[Stored data entries]
== Segment start ==

Lemma bigmin_le (T : finType) (P : pred T) (f : T -> nat) a x :
  P x -> \big[minn/a]_(y | P y) f y <= f x.
Proof.
move=> Px; rewrite -big_filter.
have : x \in [seq y <- index_enum T | P y] by rewrite mem_filter Px mem_index_enum.
elim: [seq y <- index_enum T | P y] => [//|z r IHr].
rewrite in_cons big_cons => /orP [/eqP <-|/IHr]; first exact: geq_minl.
exact: leq_trans (geq_minr _ _).
Qed.

Lemma ole_omin (T : finType) (P : pred T) (f : T -> nat) x :
  P x -> ole (omin P f) (Some (f x)).
Proof. by move=> Px; rewrite /omin; case: pickP => [x0 _|/(_ x)]; [exact: bigmin_le | rewrite Px]. Qed.

Lemma omin_attained (T : finType) (P : pred T) (f : T -> nat) x :
  P x -> exists2 y, P y & omin P f = Some (f y).
Proof.
move=> Px; rewrite /omin; case: pickP => [x0 Px0|/(_ x)]; last by rewrite Px.
suff [y Py ->] : exists2 y, P y & \big[minn/f x0]_(y | P y) f y = f y by exists y.
apply: (big_ind (fun m => exists2 y, P y & m = f y)) => [|_ _ [y Py ->] [z Pz ->]|y Py].
- by exists x0.
- by rewrite /minn; case: ifP => _; [exists y | exists z].
- by exists y.
Qed.

Lemma le_bigomax (T : finType) (P : pred T) (F : T -> option nat) i :
  P i -> ole (F i) (\big[omax/Some 0]_(j | P j) F j).
Proof.
move=> Pi; rewrite -big_filter.
have : i \in [seq j <- index_enum T | P j] by rewrite mem_filter Pi mem_index_enum.
elim: [seq j <- index_enum T | P j] => [//|z r IHr].
rewrite in_cons big_cons => /orP [/eqP <-|/IHr].
  by case: (F i) => [a|]; case: (\big[_/_]_(_ <- r | _) _) => [b|] //=; rewrite leq_maxl.
case: (F i) => [a|]; case: (F z) => [b|]; case: (\big[_/_]_(_ <- r | _) _) => [c|] //=.
by move=> le_ac; rewrite (leq_trans le_ac (leq_maxr _ _)).
Qed.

== Segment end ==

### How to complete this task
Go through the records above and copy each one exactly.

### Solution for this exercise
Lemma bigmin_le (T : finType) (P : pred T) (f : T -> nat) a x :
  P x -> \big[minn/a]_(y | P y) f y <= f x.
Proof.
move=> Px; rewrite -big_filter.
have : x \in [seq y <- index_enum T | P y] by rewrite mem_filter Px mem_index_enum.
elim: [seq y <- index_enum T | P y] => [//|z r IHr].
rewrite in_cons big_cons => /orP [/eqP <-|/IHr]; first exact: geq_minl.
exact: leq_trans (geq_minr _ _).
Qed.

Lemma ole_omin (T : finType) (P : pred T) (f : T -> nat) x :
  P x -> ole (omin P f) (Some (f x)).
Proof. by move=> Px; rewrite /omin; case: pickP => [x0 _|/(_ x)]; [exact: bigmin_le | rewrite Px]. Qed.

Lemma omin_attained (T : finType) (P : pred T) (f : T -> nat) x :
  P x -> exists2 y, P y & omin P f = Some (f y).
Proof.
move=> Px; rewrite /omin; case: pickP => [x0 Px0|/(_ x)]; last by rewrite Px.
suff [y Py ->] : exists2 y, P y & \big[minn/f x0]_(y | P y) f y = f y by exists y.
apply: (big_ind (fun m => exists2 y, P y & m = f y)) => [|_ _ [y Py ->] [z Pz ->]|y Py].
- by exists x0.
- by rewrite /minn; case: ifP => _; [exists y | exists z].
- by exists y.
Qed.

Lemma le_bigomax (T : finType) (P : pred T) (F : T -> option nat) i :
  P i -> ole (F i) (\big[omax/Some 0]_(j | P j) F j).
Proof.
move=> Pi; rewrite -big_filter.
have : i \in [seq j <- index_enum T | P j] by rewrite mem_filter Pi mem_index_enum.
elim: [seq j <- index_enum T | P j] => [//|z r IHr].
rewrite in_cons big_cons => /orP [/eqP <-|/IHr].
  by case: (F i) => [a|]; case: (\big[_/_]_(_ <- r | _) _) => [b|] //=; rewrite leq_maxl.
case: (F i) => [a|]; case: (F z) => [b|]; case: (\big[_/_]_(_ <- r | _) _) => [c|] //=.
by move=> le_ac; rewrite (leq_trans le_ac (leq_maxr _ _)).
Qed.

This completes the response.